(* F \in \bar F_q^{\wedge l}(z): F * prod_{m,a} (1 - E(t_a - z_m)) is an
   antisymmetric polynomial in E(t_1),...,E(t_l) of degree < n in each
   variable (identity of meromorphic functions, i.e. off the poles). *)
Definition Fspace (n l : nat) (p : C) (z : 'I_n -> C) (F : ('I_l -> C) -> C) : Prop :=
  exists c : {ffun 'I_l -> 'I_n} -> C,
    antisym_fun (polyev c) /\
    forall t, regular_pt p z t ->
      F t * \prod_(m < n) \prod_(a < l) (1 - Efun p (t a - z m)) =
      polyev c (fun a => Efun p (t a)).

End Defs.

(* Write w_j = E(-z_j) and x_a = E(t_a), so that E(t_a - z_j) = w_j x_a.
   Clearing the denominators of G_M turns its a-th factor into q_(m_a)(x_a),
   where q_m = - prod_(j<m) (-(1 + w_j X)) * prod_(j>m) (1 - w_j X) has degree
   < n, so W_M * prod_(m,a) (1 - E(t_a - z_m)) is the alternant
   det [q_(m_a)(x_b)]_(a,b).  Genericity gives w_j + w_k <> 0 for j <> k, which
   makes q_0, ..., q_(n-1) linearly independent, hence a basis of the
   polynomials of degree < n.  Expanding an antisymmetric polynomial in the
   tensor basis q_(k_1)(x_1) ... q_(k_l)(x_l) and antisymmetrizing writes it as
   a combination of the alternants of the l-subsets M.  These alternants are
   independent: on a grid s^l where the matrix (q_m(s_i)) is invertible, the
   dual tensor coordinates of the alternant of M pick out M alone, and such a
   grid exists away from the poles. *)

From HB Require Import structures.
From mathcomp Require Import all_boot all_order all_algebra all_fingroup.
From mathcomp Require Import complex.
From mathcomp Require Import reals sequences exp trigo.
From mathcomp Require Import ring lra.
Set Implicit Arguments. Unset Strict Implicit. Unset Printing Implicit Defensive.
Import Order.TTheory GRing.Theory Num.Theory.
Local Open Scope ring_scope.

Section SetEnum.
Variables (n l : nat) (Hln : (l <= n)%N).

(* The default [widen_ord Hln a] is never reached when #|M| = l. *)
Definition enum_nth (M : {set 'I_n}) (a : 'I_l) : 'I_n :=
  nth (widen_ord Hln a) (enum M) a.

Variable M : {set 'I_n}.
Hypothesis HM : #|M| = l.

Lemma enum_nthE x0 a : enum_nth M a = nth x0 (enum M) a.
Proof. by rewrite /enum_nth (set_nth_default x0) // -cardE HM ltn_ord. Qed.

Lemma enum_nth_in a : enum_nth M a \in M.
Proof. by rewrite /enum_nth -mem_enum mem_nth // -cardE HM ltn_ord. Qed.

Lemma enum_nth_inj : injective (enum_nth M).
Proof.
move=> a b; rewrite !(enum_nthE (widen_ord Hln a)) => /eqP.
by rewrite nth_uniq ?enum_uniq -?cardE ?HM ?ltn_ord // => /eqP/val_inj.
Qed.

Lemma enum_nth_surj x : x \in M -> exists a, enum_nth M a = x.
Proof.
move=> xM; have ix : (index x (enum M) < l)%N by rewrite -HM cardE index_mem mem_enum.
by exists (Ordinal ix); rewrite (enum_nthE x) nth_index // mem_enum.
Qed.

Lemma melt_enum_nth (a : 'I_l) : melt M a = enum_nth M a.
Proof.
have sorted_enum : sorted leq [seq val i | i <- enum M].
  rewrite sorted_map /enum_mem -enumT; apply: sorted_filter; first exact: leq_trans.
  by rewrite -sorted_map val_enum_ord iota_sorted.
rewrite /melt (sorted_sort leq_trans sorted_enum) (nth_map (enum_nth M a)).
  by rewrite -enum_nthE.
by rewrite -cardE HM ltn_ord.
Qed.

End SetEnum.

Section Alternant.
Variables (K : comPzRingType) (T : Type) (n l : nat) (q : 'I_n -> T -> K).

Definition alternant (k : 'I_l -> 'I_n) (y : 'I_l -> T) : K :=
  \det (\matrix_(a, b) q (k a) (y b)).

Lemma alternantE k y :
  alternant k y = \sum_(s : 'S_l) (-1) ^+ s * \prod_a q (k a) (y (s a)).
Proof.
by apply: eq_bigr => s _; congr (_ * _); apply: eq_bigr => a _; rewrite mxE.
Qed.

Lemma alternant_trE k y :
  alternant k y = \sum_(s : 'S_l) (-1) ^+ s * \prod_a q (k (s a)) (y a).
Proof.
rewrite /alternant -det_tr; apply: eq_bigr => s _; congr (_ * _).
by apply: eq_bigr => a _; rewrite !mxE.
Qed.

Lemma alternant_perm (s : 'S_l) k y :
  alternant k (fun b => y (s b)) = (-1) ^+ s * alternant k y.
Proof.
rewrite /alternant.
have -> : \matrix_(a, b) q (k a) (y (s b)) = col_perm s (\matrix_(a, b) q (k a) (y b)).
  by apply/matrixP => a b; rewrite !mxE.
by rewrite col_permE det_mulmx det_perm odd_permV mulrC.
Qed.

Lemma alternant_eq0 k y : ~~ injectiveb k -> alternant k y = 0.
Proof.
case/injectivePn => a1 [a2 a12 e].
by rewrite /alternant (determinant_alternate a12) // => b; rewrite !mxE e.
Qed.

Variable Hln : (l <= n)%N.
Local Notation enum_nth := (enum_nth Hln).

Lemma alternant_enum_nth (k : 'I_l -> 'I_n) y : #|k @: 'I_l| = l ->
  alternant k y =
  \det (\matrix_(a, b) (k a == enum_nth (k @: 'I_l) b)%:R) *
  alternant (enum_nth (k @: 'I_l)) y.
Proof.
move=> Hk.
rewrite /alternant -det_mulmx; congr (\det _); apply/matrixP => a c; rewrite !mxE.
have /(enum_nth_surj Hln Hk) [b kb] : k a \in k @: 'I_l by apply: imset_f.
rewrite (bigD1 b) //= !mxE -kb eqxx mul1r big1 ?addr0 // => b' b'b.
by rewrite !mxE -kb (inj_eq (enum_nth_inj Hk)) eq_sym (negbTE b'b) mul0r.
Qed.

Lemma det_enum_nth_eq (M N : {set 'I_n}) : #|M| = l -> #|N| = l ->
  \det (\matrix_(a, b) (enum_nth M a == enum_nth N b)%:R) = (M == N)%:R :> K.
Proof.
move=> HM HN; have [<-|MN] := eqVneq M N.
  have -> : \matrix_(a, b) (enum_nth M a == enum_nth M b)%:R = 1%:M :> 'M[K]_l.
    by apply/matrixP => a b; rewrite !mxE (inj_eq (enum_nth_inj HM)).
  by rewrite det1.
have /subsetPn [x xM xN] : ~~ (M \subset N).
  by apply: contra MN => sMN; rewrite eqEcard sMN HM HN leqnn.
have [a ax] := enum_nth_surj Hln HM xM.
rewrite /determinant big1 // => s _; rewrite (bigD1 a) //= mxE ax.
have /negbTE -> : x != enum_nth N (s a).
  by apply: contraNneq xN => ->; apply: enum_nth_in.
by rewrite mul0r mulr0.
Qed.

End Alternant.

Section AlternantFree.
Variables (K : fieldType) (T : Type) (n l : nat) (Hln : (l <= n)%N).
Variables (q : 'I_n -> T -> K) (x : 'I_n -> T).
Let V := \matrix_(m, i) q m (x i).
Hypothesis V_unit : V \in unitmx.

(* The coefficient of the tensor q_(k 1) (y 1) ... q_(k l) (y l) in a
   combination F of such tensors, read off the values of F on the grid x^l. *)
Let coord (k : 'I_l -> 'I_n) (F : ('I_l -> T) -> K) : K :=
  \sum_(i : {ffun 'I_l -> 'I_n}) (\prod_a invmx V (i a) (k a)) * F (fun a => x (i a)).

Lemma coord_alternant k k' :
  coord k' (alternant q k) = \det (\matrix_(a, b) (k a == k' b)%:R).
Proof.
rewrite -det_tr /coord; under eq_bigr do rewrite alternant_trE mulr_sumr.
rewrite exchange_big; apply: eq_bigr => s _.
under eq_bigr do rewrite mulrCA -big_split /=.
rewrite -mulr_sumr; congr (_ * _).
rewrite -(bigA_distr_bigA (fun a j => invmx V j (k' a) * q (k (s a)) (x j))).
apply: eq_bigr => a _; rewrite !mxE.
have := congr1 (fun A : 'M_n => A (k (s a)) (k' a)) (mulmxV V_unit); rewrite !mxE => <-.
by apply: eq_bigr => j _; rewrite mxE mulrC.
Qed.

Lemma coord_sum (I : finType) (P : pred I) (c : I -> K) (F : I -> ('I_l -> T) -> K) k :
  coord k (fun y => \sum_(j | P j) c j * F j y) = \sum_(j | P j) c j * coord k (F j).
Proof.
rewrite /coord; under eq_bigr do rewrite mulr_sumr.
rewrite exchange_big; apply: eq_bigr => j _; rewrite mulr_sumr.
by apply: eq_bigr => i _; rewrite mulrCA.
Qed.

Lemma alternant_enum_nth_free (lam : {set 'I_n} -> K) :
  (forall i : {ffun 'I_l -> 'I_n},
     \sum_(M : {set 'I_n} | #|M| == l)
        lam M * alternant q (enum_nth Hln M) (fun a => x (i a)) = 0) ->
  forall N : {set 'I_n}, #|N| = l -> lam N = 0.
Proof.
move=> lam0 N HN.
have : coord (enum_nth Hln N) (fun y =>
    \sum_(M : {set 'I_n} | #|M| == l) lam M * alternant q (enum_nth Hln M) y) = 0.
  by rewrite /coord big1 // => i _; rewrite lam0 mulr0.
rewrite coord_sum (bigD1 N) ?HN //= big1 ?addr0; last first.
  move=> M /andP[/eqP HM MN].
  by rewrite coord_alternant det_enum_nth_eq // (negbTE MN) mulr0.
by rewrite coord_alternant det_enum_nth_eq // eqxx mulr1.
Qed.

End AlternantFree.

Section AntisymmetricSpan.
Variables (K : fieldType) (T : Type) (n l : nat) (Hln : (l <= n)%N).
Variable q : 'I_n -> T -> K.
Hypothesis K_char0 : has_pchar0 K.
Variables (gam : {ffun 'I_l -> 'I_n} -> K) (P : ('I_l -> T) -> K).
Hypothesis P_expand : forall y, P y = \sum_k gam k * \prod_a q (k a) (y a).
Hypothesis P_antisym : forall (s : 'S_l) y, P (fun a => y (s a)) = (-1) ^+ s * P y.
==================================================
-- What is being asked --
Go through the lines above. Select every one that has the string "under".

-- Task output --
rewrite -det_tr /coord; under eq_bigr do rewrite alternant_trE mulr_sumr.
under eq_bigr do rewrite mulrCA -big_split /=.
rewrite /coord; under eq_bigr do rewrite mulr_sumr.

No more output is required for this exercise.